According to medical officer Dr. Celina Montemayor-Garcia, who represents Canadian Blood Services on the Consortium, the test has the potential to transform our ability to detect even minor variations in blood type and introduce genomics into daily clinical use. “It’ll bring us to that dream of doing high resolution blood matching at the genomic level,” says Montemayor-Garcia. “Blood suppliers and blood recipients from around the world will benefit from this.”
Advances in efficiency and precision
The test would make transfusions safer for the millions of patients around the world, including over 200,000 patients in Canada who have blood transfusions each year. What makes the test so ground-breaking is its ability to use thousands of DNA probes to search specific areas of the genome for variation in the genes that determine our blood type, not just the genes for antigens that determine our ABO group and Rh group (for which donated blood is routinely tested) but the whole diversity of variation across hundreds of different blood antigens. This includes clinically relevant antigens for red blood cells, platelets, and white blood cells, as well as other markers that can be important in transplantation and transfusion.
“We’ll be able to detect antigens that we can’t detect with our current technology, using a high-throughput, affordable test” says Montemayor-Garcia. “And we will do it precisely.”
High resolution matching
For red blood cell transfusions, more precise matching between a patient’s blood type and the donated blood they receive through transfusion is significant because it lowers the risk that a patient will experience complications that can happen if blood is mismatched. This is particularly consequential for patients who require regular transfusions, such as patients with sickle cell disease or other blood disorders.
The test could also make it easier to find rare blood for patients who need it. “Rare blood, by definition, is blood with an infrequent antigen profile that may not be routinely tested for in our current platforms. For some patients who need rare blood, it can be a challenge to support them with rare red blood cell units,” explains Montemayor-Garcia. “But by doing extended blood genotyping in an affordable way, we hope we’ll be able to identify more donors with rare blood and increase the rare blood inventory we have here in Canada.”
The work ahead
Before the test can be considered for use in Canada, it first has to be validated in a second preclinical study (the first preclinical study was published in 2020). For this validation work, Canadian Blood Services contributed more than 1,700 anonymized blood samples from donors that will be genotyped for red blood cell antigens. The test will then be evaluated in a clinical study planned for 2022. And finally, after the clinical study is complete the test will be considered for regulatory approval from Health Canada.

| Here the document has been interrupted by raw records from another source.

(* Let $t$ be an integer, $G$ a finite graph and $(T,Q,\alpha,\beta,R)$ an NLC-decomposition of $G$ with $|Q|\le t$. Let $y$ be a non-root node of $T$, let $p$ be its parent, and let $C=V(T_{y\mid p})\cap V(G)$ and $D=V(T_{p\mid y})\cap V(G)$. For every $q\in Q$ let $U_q=\{u\in C:\beta(\{y,u\})(\alpha(u))=q\}$. Then $(U_q)_{q\in Q}$ is a $D$-twin partition of $C$.
   Context: An NLC-decomposition of $G$ is a tuple $(T,Q,\alpha,\beta,R)$ where $T$ is a rooted binary tree (each node has at most one left child and at most one right child) whose leaf set is $V(G)$, $Q$ is a finite set of labels, $\alpha:V(G)\to Q$, $\beta$ assigns to each 2-element subset of $V(T)$ a function $Q\to Q$, and $R$ assigns to each node a subset of $Q\times Q$, such that: (nlc1) for distinct $u,v$ with $u$ an ancestor of $v$ and $u=u_0,u_1,\dots,u_n=v$ the $u$-$v$ path in $T$, $\beta(\{u_0,u_1\})\circ\cdots\circ\beta(\{u_{n-1},u_n\})=\beta(\{u,v\})$; (nlc2) for distinct $x,y\in V(G)$ with lowest common ancestor $u$, $x$ a descendant of the left child and $y$ of the right child of $u$: $xy\in E(G)$ iff $(\beta(\{u,x\})(\alpha(x)),\beta(\{u,y\})(\alpha(y)))\in R(u)$. Convention: $\beta(\{u,u\})$ is the identity map on $Q$. For an edge $ab$ of $T$, $T_{a\mid b}$ is the component of $a$ in $T-ab$. For a partition $\{C,D\}$ of $V(G)$, a $D$-twin partition of $C$ is a partition of $C$ (parts may be empty) such that any two vertices in a common part have the same neighbourhood in $D$. *)

From mathcomp Require Import all_boot.
Set Implicit Arguments. Unset Strict Implicit. Unset Printing Implicit Defensive.

(* A rooted binary tree on the finite node type N is given by a root [r],
   a parent map [par] (with [par r = r]) and a side map [side]
   ([true] = left child, [false] = right child). *)
Definition rooted_binary_tree (N : finType) (r : N) (par : N -> N)
  (side : N -> bool) : Prop :=
  [/\ par r = r,
      (forall v, exists k, iter k par v = r) &
      (forall c1 c2, c1 != r -> c2 != r -> par c1 = par c2 ->
         side c1 = side c2 -> c1 = c2)].

Definition is_child (N : finType) (r : N) (par : N -> N) (c u : N) : bool :=
  (c != r) && (par c == u).

Definition is_leaf (N : finType) (r : N) (par : N -> N) (u : N) : bool :=
  [forall c, ~~ is_child r par c u].

Definition descendant (N : finType) (par : N -> N) (x u : N) : Prop :=
  exists k, iter k par x = u.

(* beta on pairs, with the convention beta({u,u}) = id *)
Definition bt (N Q : finType) (beta : N -> N -> Q -> Q) (u v : N) : Q -> Q :=
  if u == v then id else beta u v.

(* composition beta{u0,u1} o ... o beta{u_{k-1},u_k} along the path
   u0 = iter k par v, ..., u_k = v *)
Fixpoint pathcomp (N Q : finType) (par : N -> N) (beta : N -> N -> Q -> Q)
  (k : nat) (v : N) : Q -> Q :=
  match k with
  | 0 => id
  | k'.+1 => fun q => pathcomp par beta k' (par v) (bt beta (par v) v q)
  end.

Definition NLC_decomposition (N Q : finType) (VG : {set N}) (E : rel N)
  (r : N) (par : N -> N) (side : N -> bool) (alpha : N -> Q)
  (beta : N -> N -> Q -> Q) (R : N -> rel Q) : Prop :=
  [/\ rooted_binary_tree r par side,
      (forall u, is_leaf r par u = (u \in VG)),
      (* beta is indexed by 2-element subsets *)
      (forall u v, beta u v = beta v u),
      (forall v k, 0 < k -> uniq (traject par v k.+1) ->
         pathcomp par beta k v =1 bt beta (iter k par v) v) &
      (forall x y u cl cr, x \in VG -> y \in VG -> x != y ->
         is_child r par cl u -> is_child r par cr u ->
         side cl = true -> side cr = false ->
         descendant par x cl -> descendant par y cr ->
         E x y = R u (bt beta u x (alpha x)) (bt beta u y (alpha y)))].

Definition tadj (N : finType) (par : N -> N) : rel N :=
  fun u v => (u != v) && ((par u == v) || (par v == u)).

(* T_{a|b}: component of a in T - ab *)
Definition comp_minus_edge (N : finType) (par : N -> N) (a b : N) : {set N} :=
  [set z | connect (fun u v => tadj par u v && ([set u; v] != [set a; b])) a z].

(* (U q)_q is a D-twin partition of C (parts may be empty) *)
Definition twin_partition (N Q : finType) (E : rel N) (C D : {set N})
  (U : Q -> {set N}) : Prop :=
  [/\ \bigcup_(q : Q) U q = C,
      (forall q q', q != q' -> [disjoint U q & U q']) &
      (forall q u v, u \in U q -> v \in U q ->
         forall d, d \in D -> E u d = E v d)].

From mathcomp Require Import all_boot.
Set Implicit Arguments. Unset Strict Implicit.

(* Let u be a vertex below y and d a vertex outside the subtree of y.  Their
   lowest common ancestor w is the parent of the highest ancestor c1 of y
   that is not an ancestor of d, so it depends on d alone, and u, d lie below the
   two distinct children c1, c2 of w.  By (nlc1) the label of u seen from w is
   beta{w,y} applied to its label seen from y, hence by (nlc2) the adjacency
   of u and d is a function of beta{y,u}(alpha u). *)

Section RootedTree.

Variables (N : finType) (r : N) (par : N -> N).
Hypothesis par_root : par r = r.
Hypothesis reach_root : forall v, exists k, iter k par v = r.

Lemma iter_par_root m n x : m <= n -> iter m par x = r -> iter n par x = r.
Proof.
move=> /subnK <- xr; rewrite iterD xr.
by elim: (n - m) => //= k ->.
Qed.

Lemma iter_par_cycle j x : 0 < j -> iter j par x = x -> x = r.
Proof.
move=> j_gt0 cyc; have [m xr] := reach_root x.
have iter_mul k : iter (j * k) par x = x.
  by elim: k => [|k IHk]; rewrite ?muln0 // mulnS iterD IHk.
by rewrite -(iter_mul m); apply: iter_par_root xr; rewrite leq_pmull.
Qed.

Lemma uniq_traject_par x n : iter n.-1 par x != r -> uniq (traject par x n.+1).
Proof.
move=> last_nr; apply/(uniqPn x) => -[a [b [lt_ab]]].
rewrite size_traject => lt_bn; rewrite !nth_traject ?(ltn_trans lt_ab) // => eq_ab.
have a_root : iter a par x = r.
  apply: (iter_par_cycle (j := b - a)); first by rewrite subn_gt0.
  by rewrite -iterD subnK 1?ltnW.
have lt_an : a < n := leq_trans lt_ab lt_bn.
move/eqP: last_nr; apply; apply: iter_par_root a_root.
by rewrite -ltnS prednK // (leq_ltn_trans _ lt_an).
Qed.

Lemma fconnect_par_parent y : y != r -> ~~ fconnect par (par y) y.
Proof.
move=> y_nr; apply: contra y_nr => /iter_findex; rewrite -iterSr.
by move/iter_par_cycle => ->.
Qed.

Lemma comp_minus_edge_fconnect y a b z :
    [set a; b] = [set y; par y] -> z \in comp_minus_edge par a b ->
  fconnect par z y = fconnect par a y.
Proof.
move=> ab; rewrite inE => conn.
apply/esym/(closed_connect (a := [pred u | fconnect par u y]) _ conn).
have step u : [set u; par u] != [set y; par y] -> fconnect par u y = fconnect par (par u) y.
  by move=> uy; rewrite fconnect_eqVf; case: (u =P y) uy => [-> | //]; rewrite eqxx.
move=> u v /andP[/andP[_ /orP[/eqP <- | /eqP <-]]]; rewrite ab; first exact: step.
by rewrite setUC => /step.
Qed.

Lemma fconnect_child x w :
  fconnect par x w -> x != w -> exists2 c, is_child r par c w & fconnect par x c.
Proof.
move=> xw x_neq_w; have reach_w : exists k, iter k par x == w.
  by exists (findex par x w); rewrite iter_findex.
case: (ex_minnP reach_w) => k /eqP xkw min_k.
have k_gt0 : 0 < k by case: k xkw {min_k} => // /= xw'; rewrite xw' eqxx in x_neq_w.
have par_c : par (iter k.-1 par x) = w by rewrite -iterS prednK.
exists (iter k.-1 par x); last exact: fconnect_iter.
rewrite /is_child par_c eqxx andbT; apply/eqP => c_root.
have := min_k k.-1; rewrite -par_c c_root par_root eqxx => /(_ isT).
by rewrite leqNgt ltn_predL k_gt0.
Qed.

Lemma branching_ancestor y d : ~~ fconnect par d y ->
  exists w c, [/\ is_child r par c w, fconnect par y c,
                  ~~ fconnect par d c & fconnect par d w].
Proof.
move=> dNy; have reach_anc : exists j, fconnect par d (iter j par y).
  have [m ym] := reach_root y; have [k dk] := reach_root d.
  by exists m; rewrite ym -dk fconnect_iter.
case: (ex_minnP reach_anc) => j d_anc min_j.
have j_gt0 : 0 < j by case: j d_anc {min_j} => // d_y; rewrite d_y in dNy.
have dNc : ~~ fconnect par d (iter j.-1 par y).
  by apply/negP => /min_j; rewrite leqNgt ltn_predL j_gt0.
have par_c : par (iter j.-1 par y) = iter j par y by rewrite -iterS prednK.
exists (iter j par y), (iter j.-1 par y); split=> //; last exact: fconnect_iter.
rewrite /is_child par_c eqxx andbT; apply: contra dNc => /eqP c_root.
by rewrite c_root -par_root -c_root par_c.
Qed.

End RootedTree.

Lemma pathcompD (N Q : finType) (par : N -> N) (beta : N -> N -> Q -> Q) a b x q :
  pathcomp par beta (a + b) x q = pathcomp par beta b (iter a par x) (pathcomp par beta a x q).
Proof. by elim: a x q => [|a IHa] x q //=; rewrite IHa -iterSr. Qed.

Section NLCPaths.

Variables (N Q : finType) (r : N) (par : N -> N) (beta : N -> N -> Q -> Q).
Hypothesis par_root : par r = r.
Hypothesis reach_root : forall v, exists k, iter k par v = r.
Hypothesis nlc1 : forall v k, 0 < k -> uniq (traject par v k.+1) ->
  pathcomp par beta k v =1 bt beta (iter k par v) v.

Lemma pathcomp_bt x k :
  (0 < k -> iter k.-1 par x != r) -> pathcomp par beta k x =1 bt beta (iter k par x) x.
Proof.
case: k => [_ q | k /(_ isT) last_nr]; first by rewrite /bt eqxx.
by apply: nlc1; last exact: (uniq_traject_par par_root reach_root).
Qed.

Lemma bt_through x y c k i q : iter k par x = y -> iter i par y = c -> c != r ->
  bt beta (par c) x q = bt beta (par c) y (bt beta y x q).
Proof.
move=> xky yic c_nr; have xc : iter (i + k) par x = c by rewrite iterD xky.
have below_c n : n <= i + k -> iter n par x != r.
  by move=> le_n; apply: contra c_nr => /eqP xr; rewrite -xc (iter_par_root par_root le_n xr).
have par_c : par c = iter (k + i.+1) par x by rewrite addnS iterS addnC xc.
have path_x : pathcomp par beta (k + i.+1) x q = bt beta (par c) x q.
  by rewrite par_c pathcomp_bt // addnS /= addnC below_c.
have path_k : pathcomp par beta k x q = bt beta y x q.
  by rewrite -xky pathcomp_bt // => _; rewrite below_c // (leq_trans (leq_pred k)) ?leq_addl.
have path_i : pathcomp par beta i.+1 y =1 bt beta (par c) y.
  by rewrite -yic -iterS; apply: pathcomp_bt; rewrite yic.
by rewrite -path_x pathcompD xky path_k path_i.
Qed.

End NLCPaths.

Lemma descendantP (N : finType) (par : N -> N) x u :
  reflect (descendant par x u) (fconnect par x u).
Proof.
apply: (iffP idP) => [/iter_findex xu | [k <-]]; last exact: fconnect_iter.
by exists (findex par x u).
Qed.

Lemma twin_partition_fibres (N Q : finType) (E : rel N) (C D : {set N}) (f : N -> Q) :
    {in C &, forall u v, f u = f v -> {in D, forall d, E u d = E v d}} ->
  twin_partition E C D (fun q => [set u in C | f u == q]).
Proof.
move=> twins; split.
- apply/setP => u; apply/bigcupP/idP => [[q _] | uC]; first by rewrite inE => /andP[].
  by exists (f u) => //; rewrite inE uC eqxx.
- move=> q q' neq_qq'; rewrite -setI_eq0; apply/eqP/setP => u; rewrite !inE.
  apply/negbTE/negP => /andP[/andP[_ /eqP fq] /andP[_ /eqP fq']].
  by rewrite -fq -fq' eqxx in neq_qq'.
- move=> q u v; rewrite !inE => /andP[uC /eqP fu] /andP[vC /eqP fv].
  by apply: twins; rewrite ?fu ?fv.
Qed.

Lemma nlc_adjacency_through_label (N Q : finType) (VG : {set N}) (E : rel N)
    (r : N) (par : N -> N) (side : N -> bool) (alpha : N -> Q)
    (beta : N -> N -> Q -> Q) (R : N -> rel Q) y d :
    symmetric E -> NLC_decomposition VG E r par side alpha beta R ->
    d \in VG -> ~~ fconnect par d y ->
  exists F : Q -> bool, forall x, x \in VG -> fconnect par x y ->
    E x d = F (bt beta y x (alpha x)).
Proof.
move=> E_sym [[par_root reach_root side_inj] leafP _ nlc1 nlc2] dG dNy.
have [w [c1 [c1w yc1 dNc1 dw]]] := branching_ancestor par_root reach_root dNy.
have d_neq_w : d != w.
  apply: contraTneq dG => ->; rewrite -leafP; apply/forallPn.
  by exists c1; rewrite negbK.
have [c2 c2w dc2] := fconnect_child par_root dw d_neq_w.
have neq_c12 : c1 != c2 by apply: contraNneq dNc1 => ->.
case/andP: (c1w) => c1_nr /eqP par_c1; case/andP: (c2w) => c2_nr /eqP par_c2.
have sides : side c1 != side c2.
  by apply: contra neq_c12 => /eqP eq_s; apply/eqP/side_inj; rewrite ?par_c1 ?par_c2.
pose through q := bt beta w y q; pose label_d := bt beta w d (alpha d).
exists (fun q => if side c1 then R w (through q) label_d else R w label_d (through q)).
move=> x xG xy; have neq_xd : x != d by apply: contraNneq dNy => <-.
have x_below_c1 : descendant par x c1 by apply/descendantP/(connect_trans xy).
have [xky yic] := (iter_findex xy, iter_findex yc1).
rewrite /through -par_c1 -(bt_through par_root reach_root nlc1 _ xky yic c1_nr) par_c1.
have d_below_c2 : descendant par d c2 by apply/descendantP.
move: sides; case s1 : (side c1); case s2 : (side c2) => // _.
- exact: nlc2 c1w c2w s1 s2 x_below_c1 d_below_c2.
- by rewrite E_sym; apply: nlc2 c2w c1w s2 s1 d_below_c2 x_below_c1; rewrite // eq_sym.
Qed.

Theorem lemma6p4 (t : nat) (N Q : finType) (VG : {set N}) (E : rel N)
  (r : N) (par : N -> N) (side : N -> bool) (alpha : N -> Q)
  (beta : N -> N -> Q -> Q) (R : N -> rel Q) :
  symmetric E -> irreflexive E ->
  NLC_decomposition VG E r par side alpha beta R ->
  #|Q| <= t ->
  forall y : N, y != r ->
  let p := par y in
  let C := comp_minus_edge par y p :&: VG in
  let D := comp_minus_edge par p y :&: VG in
  twin_partition E C D
    (fun q => [set u in C | bt beta y u (alpha u) == q]).
Proof.
move=> E_sym _ nlc _ y y_nr p C D.
have [[par_root reach_root _] _ _ _ _] := nlc.
have C_below x : x \in C -> fconnect par x y.
  case/setIP=> xT _; rewrite (comp_minus_edge_fconnect (erefl _) xT).
  exact: connect0.
have D_not_below d : d \in D -> ~~ fconnect par d y.
  case/setIP=> dT _; rewrite (comp_minus_edge_fconnect (setUC _ _) dT).
  exact: (fconnect_par_parent par_root reach_root y_nr).
apply: twin_partition_fibres => u v uC vC eq_uv d dD.
have [F factor] := nlc_adjacency_through_label E_sym nlc (setIP dD).2 (D_not_below d dD).
by rewrite !factor ?eq_uv ?C_below //; [case/setIP: vC | case/setIP: uC].
Qed.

Montemayor-Garcia says the group is now in the process of validating the test. She is also leading the development of international guidelines on using the test in daily clinical practice. “As we move forward, it’s really important that anyone who wants to bring genomics for blood typing to clinical practice has guidelines on how to do it, that the guidance is available through international, open access platforms, reflecting the experience of the Consortium rather than our national silos,” she adds. “Working together gets you further, faster.”
The ThermoFisher array. One plate can be used to genotype 384 blood samples. Each array (purple square) contains thousands of DNA probes that search specific areas of the genome for variation in the genes that determine our blood type.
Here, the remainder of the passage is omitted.